Southern duck hunters descended on their maimais last weekend for the official start of duck shooting season.
The opening weekend of duck shooting started on Saturday, May 5 with Southlanders, both young and old, making their pilgrimage to various locations around the district to celebrate the start of the season.
Fish & Game Southland manager Zane Moss said the weekend went pretty well with the number of hunters on par with last year.
"It's as popular as ever, it's a great pastime and challenge for people and brings families and friends together.
"From a Fish & Game perspective for compliance it was quite pleasing. We only detected a dozen offences which is down on previous years."
Mr Moss said people were perhaps now realising the significance of sentencing.
Fish & Game staff never took part in opening weekend but went around visiting the different sites to chat with hunters, he said.
"Opening weekend is very much the focus for a lot of them; we saw a lot of people having fun and lots of laughs."
The sunny weather wasn't optimal hunting conditions for them but those who the Fish & Game staff visited were still enjoying themselves, he said.
"If the weather is good and fine and sunny it doesn't make good hunting."

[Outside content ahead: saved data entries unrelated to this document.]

(* Let $T=(V,E)$ be a finite rooted tree with nonnegative partial costs, $\Pr$ a probability distribution over a finite set of queries, and $k$ a positive integer with $k\le|V|$. Let $R_g$ be the output of the greedy algorithm that starts with $R=\emptyset$ and, while $|R|<k$, adds to $R$ a node $u\in V\setminus R$ maximizing $B(R\cup\{u\})-B(R)$. Then $$B(R_g)\ge\Big(1-\frac1e\Big)\max_{R\subseteq V,\ |R|\le k}B(R).$$
   Context: $T=(V,E)$ is a finite rooted tree; $T(u)$ is the set of nodes of the subtree rooted at $u$ (including $u$); $A(u)$ the set of proper ancestors of $u$. Each non-leaf node is associated with a variable of a finite set $X$; $\mathrm{vars}(u)$ is the set of variables of nodes of $T(u)$; each query $q$ determines $Z_q\subseteq X$. For $R\subseteq V$, $w\in V$: $I_q(w,R)=1$ iff $w\in R$, $\mathrm{vars}(w)\subseteq Z_q$, and no $x\in A(w)\cap R$ has $\mathrm{vars}(x)\subseteq Z_q$; else $0$; $\mathbb{E}[I(w,R)]=\sum_q\Pr(q)I_q(w,R)$. Each node $x$ has partial cost $c(x)\ge0$, total cost $C(w)=\sum_{x\in T(w)}c(x)$. Benefit: $B(R)=\sum_{w\in R}\mathbb{E}[I(w,R)]C(w)$. *)

From HB Require Import structures.
From mathcomp Require Import all_boot all_order all_algebra.
From mathcomp Require Import reals.
From mathcomp Require Import sequences.
Set Implicit Arguments. Unset Strict Implicit. Unset Printing Implicit Defensive.
Import Order.TTheory GRing.Theory Num.Theory.
Local Open Scope ring_scope.

Section Defs.
Variable V : finType.

Definition is_rooted_tree (r : V) (par : V -> V) : Prop :=
  par r = r /\ forall v : V, exists n : nat, iter n par v = r.

Definition subtree (par : V -> V) (u : V) : {set V} :=
  [set w | fconnect par w u].

Definition ancestors (par : V -> V) (u : V) : {set V} :=
  [set x | fconnect par u x & x != u].

Definition is_leaf (par : V -> V) (u : V) : bool :=
  ~~ [exists w, (w != u) && (par w == u)].

Variable X : finType.

Definition vars (par : V -> V) (var : V -> X) (u : V) : {set X} :=
  [set var x | x in [set x in subtree par u | ~~ is_leaf par x]].

Variable Q : finType.
Variable R : realType.

Definition Iq (par : V -> V) (var : V -> X) (Z : Q -> {set X})
    (q : Q) (w : V) (S : {set V}) : bool :=
  [&& w \in S, vars par var w \subset Z q &
      ~~ [exists x in ancestors par w :&: S, vars par var x \subset Z q]].

Definition EI (par : V -> V) (var : V -> X) (Z : Q -> {set X}) (P : Q -> R)
    (w : V) (S : {set V}) : R :=
  \sum_(q : Q) P q * (Iq par var Z q w S)%:R.

Definition Ctot (par : V -> V) (c : V -> R) (w : V) : R :=
  \sum_(x in subtree par w) c x.

Definition benefit (par : V -> V) (var : V -> X) (Z : Q -> {set X})
    (P : Q -> R) (c : V -> R) (S : {set V}) : R :=
  \sum_(w in S) EI par var Z P w S * Ctot par c w.

(* Ties may be broken arbitrarily. *)
Definition greedy_run (B : {set V} -> R) (s : seq V) : Prop :=
  forall (p : seq V) (u : V) (t : seq V), s = p ++ u :: t ->
    let Ri := [set x in p] in
    u \notin Ri /\
    forall v : V, v \notin Ri -> B (v |: Ri) - B Ri <= B (u |: Ri) - B Ri.
End Defs.

From HB Require Import structures.
From mathcomp Require Import all_boot all_order all_algebra.
From mathcomp Require Import reals sequences exp lra.
Import Order.TTheory GRing.Theory Num.Theory.
Local Open Scope ring_scope.
Set Implicit Arguments. Unset Strict Implicit. Unset Printing Implicit Defensive.

(* In a rooted tree, the nodes w of R with I_q(w, R) = 1 are the topmost nodes
   of R whose variables lie in Z_q, so every node x lies below at most one of
   them, and below exactly one as soon as it lies below some node of R whose
   variables lie in Z_q.  Hence B(R) = sum_q Pr(q) sum_x c(x) [x is covered by R
   for q] is a weighted coverage function: nonnegative, monotone and
   submodular.  For such functions each greedy step closes at least a 1/k
   fraction of the gap to any set of at most k nodes, so after k steps the gap
   is at most (1 - 1/k)^k <= 1/e of its value. *)

Section Iteration.
Variables (T : finType) (f : T -> T).

Lemma fconnect_total x a b : fconnect f x a -> fconnect f x b ->
  fconnect f a b || fconnect f b a.
Proof.
move=> /iter_findex <- /iter_findex <-.
have [le_ab|/ltnW le_ba] := leqP (findex f x a) (findex f x b).
  by rewrite -(subnK le_ab) iterD fconnect_iter.
by rewrite -(subnK le_ba) iterD fconnect_iter orbT.
Qed.

End Iteration.

Section RootedTree.
Variables (V : finType) (r : V) (par : V -> V).
Hypothesis tree : is_rooted_tree r par.

Lemma iter_root n : iter n par r = r.
Proof. by case: tree => par_r _; elim: n => //= n ->. Qed.

Lemma periodic_root a n : iter n.+1 par a = a -> a = r.
Proof.
move=> per; have [_ /(_ a) [N a_to_r]] := tree.
have perM j : iter (j * n.+1) par a = a.
  by elim: j => [|j IH] //; rewrite mulSn iterD IH per.
by rewrite -(perM N) -(subnK (leq_pmulr N (ltn0Sn n))) iterD a_to_r iter_root.
Qed.

Lemma fconnect_antisym a b : fconnect par a b -> fconnect par b a -> a = b.
Proof.
move=> /iter_findex ab /iter_findex ba.
have cyc : iter (findex par b a + findex par a b) par a = a by rewrite iterD ab.
case E : (findex par b a + findex par a b)%N cyc => [|n] cyc.
  by move/eqP: E; rewrite addn_eq0 => /andP [_ /eqP ab0]; rewrite -ab ab0.
by rewrite -ab (periodic_root cyc) iter_root.
Qed.

End RootedTree.

Section Coverage.
Variables (R : numDomainType) (V I : finType) (w : I -> R) (p : I -> V -> bool).
Hypothesis w_ge0 : forall i, 0 <= w i.

Definition covered i (A : {set V}) := [exists v in A, p i v].

Definition coverage (A : {set V}) : R := \sum_(i : I) w i * (covered i A)%:R.

Lemma covered_subset i (A B : {set V}) :
  A \subset B -> covered i A -> covered i B.
Proof.
by move=> /subsetP AB /existsP [v /andP [vA piv]]; apply/existsP; exists v; rewrite AB.
Qed.

Lemma coverage_set0 : coverage set0 = 0.
Proof.
rewrite /coverage big1 // => i _.
suff -> : covered i set0 = false by rewrite mulr0.
by apply/existsP => -[v]; rewrite inE.
Qed.

Lemma coverage_mono (A B : {set V}) : A \subset B -> coverage A <= coverage B.
Proof.
move=> AB; apply: ler_sum => i _; apply: ler_wpM2l => //.
by have [/(covered_subset AB) ->|] := boolP (covered i A).
Qed.

Lemma covered_marginal_subadd i (A B : {set V}) :
  (covered i (A :|: B))%:R - (covered i A)%:R
    <= \sum_(v in B) ((covered i (v |: A))%:R - (covered i A)%:R) :> R.
Proof.
have [covA|uncovA] := boolP (covered i A).
  rewrite (covered_subset (subsetUl A B) covA) subrr big1 // => v _.
  by rewrite (covered_subset (subsetUr _ A) covA) subrr.
under eq_bigr do rewrite subr0.
rewrite subr0; have [/existsP [v /andP [vAB piv]]|] := boolP (covered i (A :|: B));
  last by rewrite sumr_ge0.
have vB : v \in B.
  by move: vAB; rewrite inE => /orP [vA|//]; case/existsP: uncovA; exists v; rewrite vA.
have covvA : covered i (v |: A) by apply/existsP; exists v; rewrite setU11.
by rewrite (bigD1 v) //= covvA lerDl sumr_ge0.
Qed.

Lemma coverage_marginal_subadd (A B : {set V}) :
  coverage (A :|: B) - coverage A <= \sum_(v in B) (coverage (v |: A) - coverage A).
Proof.
rewrite /coverage -sumrB.
under [X in _ <= X]eq_bigr do rewrite -sumrB.
rewrite exchange_big /=; apply: ler_sum => i _.
rewrite -mulrBr -(eq_bigr _ (fun v _ => mulrBr _ _ _)) -mulr_sumr.
by rewrite ler_wpM2l ?covered_marginal_subadd.
Qed.

End Coverage.

Section BenefitCoverage.
Variables (V X Q : finType) (R : realType).
Variables (r : V) (par : V -> V) (var : V -> X) (Z : Q -> {set X}).
Variables (P : Q -> R) (c : V -> R).
Hypothesis tree : is_rooted_tree r par.

Definition usable q w := vars par var w \subset Z q.

Definition covers (i : Q * V) w := usable i.1 w && (i.2 \in subtree par w).

Lemma Iq_subtree_unique q x (S : {set V}) w1 w2 :
  Iq par var Z q w1 S -> Iq par var Z q w2 S ->
  x \in subtree par w1 -> x \in subtree par w2 -> w1 = w2.
Proof.
wlog w1w2 : w1 w2 / fconnect par w1 w2.
  move=> wlog_w I1 I2 x1 x2; move: (x1) (x2); rewrite !inE => x_w1 x_w2.
  case/orP: (fconnect_total x_w1 x_w2) => [w1w2 | w2w1]; first exact: wlog_w.
  by symmetry; apply: wlog_w.
move=> /and3P [_ _ top1] /and3P [w2S usable2 _] _ _.
apply/eqP; apply: contraNT top1 => w1_neq_w2.
by apply/existsP; exists w2; rewrite !inE w1w2 eq_sym w1_neq_w2 w2S usable2.
Qed.

Lemma Iq_subtree_exists q x (S : {set V}) : covered covers (q, x) S ->
  exists2 w, Iq par var Z q w S & x \in subtree par w.
Proof.
move=> /existsP [w0 w0C].
have [w wC wmax] := @arg_maxnP _ w0 (fun w => (w \in S) && covers (q, x) w)
  (fun w => #|subtree par w|) w0C.
move: (wC) => /andP [wS /andP /= [usable_w xw]].
exists w => //; apply/and3P; split => //.
apply/existsP => -[a /andP [/setIP [+ aS] usable_a]]; rewrite inE => /andP [wa a_neq_w].
have aC : (a \in S) && covers (q, x) a.
  by rewrite aS /covers /usable usable_a inE (connect_trans _ wa) //; rewrite inE in xw.
have := wmax a aC; rewrite /= leqNgt => /negP; apply; apply: proper_card.
apply/properP; split.
  by apply/subsetP => y; rewrite !inE => yw; apply: connect_trans yw wa.
exists a; first by rewrite inE connect0.
by rewrite inE; apply: contra a_neq_w => aw; rewrite (fconnect_antisym tree wa aw).
Qed.

Lemma sum_Iq_subtree q x (S : {set V}) :
  \sum_(w in S) ((Iq par var Z q w S && (x \in subtree par w))%:R : R)
    = (covered covers (q, x) S)%:R.
Proof.
have [covS|uncovS] := boolP (covered covers (q, x) S).
  have [w Iw xw] := Iq_subtree_exists covS.
  have wS : w \in S by case/and3P: Iw.
  rewrite (bigD1 w) //= Iw xw big1 ?addr0 // => v /andP [_ v_neq_w].
  apply/eqP; rewrite pnatr_eq0 eqb0; apply: contra v_neq_w => /andP [Iv xv].
  by rewrite (Iq_subtree_unique Iv Iw xv xw).
rewrite big1 // => w wS; apply/eqP; rewrite pnatr_eq0 eqb0.
apply: contra uncovS => /andP [/and3P [_ usable_w _] xw].
by apply/existsP; exists w; rewrite wS /covers /usable usable_w.
Qed.

Lemma benefit_coverage S :
  benefit par var Z P c S = coverage (fun i => P i.1 * c i.2) covers S.
Proof.
rewrite /coverage -(pair_bigA _ (fun q x => P q * c x * (covered covers (q, x) S)%:R)) /=.
transitivity (\sum_q \sum_x \sum_(w in S)
    P q * c x * (Iq par var Z q w S && (x \in subtree par w))%:R).
  rewrite /benefit; under eq_bigr do rewrite /EI mulr_suml.
  rewrite exchange_big; apply: eq_bigr => q _.
  rewrite [RHS]exchange_big; apply: eq_bigr => w _.
  rewrite /Ctot big_mkcond mulr_sumr; apply: eq_bigr => x _.
  by case: (x \in _); case: Iq; rewrite /= ?mulr1 ?mulr0 ?mul0r.
by apply: eq_bigr => q _; apply: eq_bigr => x _; rewrite -mulr_sumr sum_Iq_subtree.
Qed.

End BenefitCoverage.

Lemma onem_invn_ge0 (R : numFieldType) n : (0 < n)%N -> 0 <= 1 - n%:R^-1 :> R.
Proof. by move=> n_gt0; rewrite subr_ge0 invf_le1 ?ler1n ?ltr0n. Qed.

Lemma expr_onem_invn_le_invexpR1 (R : realType) n : (0 < n)%N ->
  (1 - n%:R^-1) ^+ n <= (expR 1)^-1 :> R.
Proof.
move=> n_gt0; have n_neq0 : n%:R != 0 :> R by rewrite pnatr_eq0 -lt0n.
apply: le_trans (_ : expR (- n%:R^-1) ^+ n <= _).
  by rewrite lerXn2r ?nnegrE ?onem_invn_ge0 ?expR_ge0 // expR_ge1Dx.
by rewrite -expRM_natl mulrN mulfV // expRN.
Qed.

Section Greedy.
Variables (R : realType) (V : finType) (f : {set V} -> R).
Hypothesis f_set0_ge0 : 0 <= f set0.
Hypothesis f_mono : forall A B : {set V}, A \subset B -> f A <= f B.
Hypothesis f_marginal_subadd : forall A B : {set V},
  f (A :|: B) - f A <= \sum_(v in B) (f (v |: A) - f A).
Variables (s : seq V) (S : {set V}).
Hypothesis greedy : greedy_run f s.

Lemma greedy_gap_step p u t : s = p ++ u :: t ->
  f S - f [set x in p] <= #|S|%:R * (f (u |: [set x in p]) - f [set x in p]).
Proof.
move=> /greedy [_ /= best]; set A := [set x in p] in best *.
apply: le_trans (_ : f (A :|: S) - f A <= _); first by rewrite lerD2r f_mono ?subsetUr.
apply: le_trans (f_marginal_subadd A S) _.
rewrite mulr_natl -sumr_const; apply: ler_sum => v _.
have [vA|] := boolP (v \in A); last exact: best.
by rewrite (setUidPr _) ?sub1set // subrr subr_ge0 f_mono ?subsetUr.
Qed.

Hypothesis s_neq0 : (0 < size s)%N.
Hypothesis S_small : (#|S| <= size s)%N.

Let a : R := 1 - (size s)%:R^-1.

Lemma greedy_gap_prefix p t : s = p ++ t -> f S - f [set x in p] <= a ^+ size p * f S.
Proof.
elim/last_ind: p t => [|p u IH] t s_eq.
  by rewrite set_nil expr0 mul1r lerBlDr lerDl.
have {}s_eq : s = p ++ u :: t by rewrite s_eq cat_rcons.
have -> : [set x in rcons p u] = u |: [set x in p].
  by apply/setP => x; rewrite !inE mem_rcons in_cons.
set A := [set x in p].
have gain_ge0 : 0 <= f (u |: A) - f A by rewrite subr_ge0 f_mono ?subsetUr.
have step : f S - f A <= (size s)%:R * (f (u |: A) - f A).
  by apply: le_trans (greedy_gap_step s_eq) _; rewrite ler_wpM2r ?ler_nat.
rewrite size_rcons exprS -mulrA.
apply: le_trans (_ : a * (f S - f A) <= _); last first.
  by rewrite ler_wpM2l ?onem_invn_ge0 ?(IH _ s_eq).
move: step; rewrite -ler_pdivrMl ?ltr0n // /a; lra.
Qed.

Lemma greedy_approx : (1 - (expR 1)^-1) * f S <= f [set x in s].
Proof.
have fS_ge0 : 0 <= f S by apply: le_trans f_set0_ge0 (f_mono (sub0set S)).
have gap := greedy_gap_prefix (esym (cats0 s)).
have := ler_wpM2r fS_ge0 (expr_onem_invn_le_invexpR1 R s_neq0).
rewrite -/a; lra.
Qed.

End Greedy.

Theorem theorem3 (R : realType) (V X Q : finType) (r : V) (par : V -> V)
    (var : V -> X) (Z : Q -> {set X}) (P : Q -> R) (c : V -> R) (k : nat)
    (s : seq V) :
  is_rooted_tree r par ->
  (forall x : V, 0 <= c x) ->
  (forall q : Q, 0 <= P q) -> \sum_(q : Q) P q = 1 ->
  (0 < k)%N -> (k <= #|V|)%N ->
  size s = k -> greedy_run (benefit par var Z P c) s ->
  forall S : {set V}, (#|S| <= k)%N ->
    (1 - (expR 1)^-1) * benefit par var Z P c S
      <= benefit par var Z P c [set x in s].
Proof.
move=> tree c_ge0 P_ge0 _ k_gt0 _ size_s greedy S S_small.
have w_ge0 (i : Q * V) : 0 <= P i.1 * c i.2 by rewrite mulr_ge0.
have BE := benefit_coverage var Z P c tree.
apply: greedy_approx greedy _ _; rewrite ?size_s //.
- by rewrite BE coverage_set0.
- by move=> A B AB; rewrite !BE coverage_mono.
- by move=> A B; under eq_bigr do rewrite BE; rewrite !BE coverage_marginal_subadd.
Qed.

Mr Moss said there was a lower number of ducks this year due to the dry summer, which "isn't great for duck breeding".
"People would've liked a few more ducks flying around."
This year, older and more intelligent ducks that were used to hunting tactics were around due to the lack of juveniles.
"The older birds have seen it all before and don't fall for the same tricks, but hunting's not supposed to be easy."
Mr Moss said Fish & Game Southland also worked with the Ministry for Primary Industries (MPI) in the lead up to the season to develop appropriate protocols for cleaning gear, in the hopes of reducing the risk of spreading the cattle disease Mycoplasma bovis.
"Going around the properties we didn't drive around as much this year, we avoided that wherever possible... Farmers appreciated that."
The duck shooting season spans three months, and Mr Moss strongly encouraged Southlanders to get out and take on the changes during the season and other hunting opportunities.
"Make the most of the good hunting we have down here."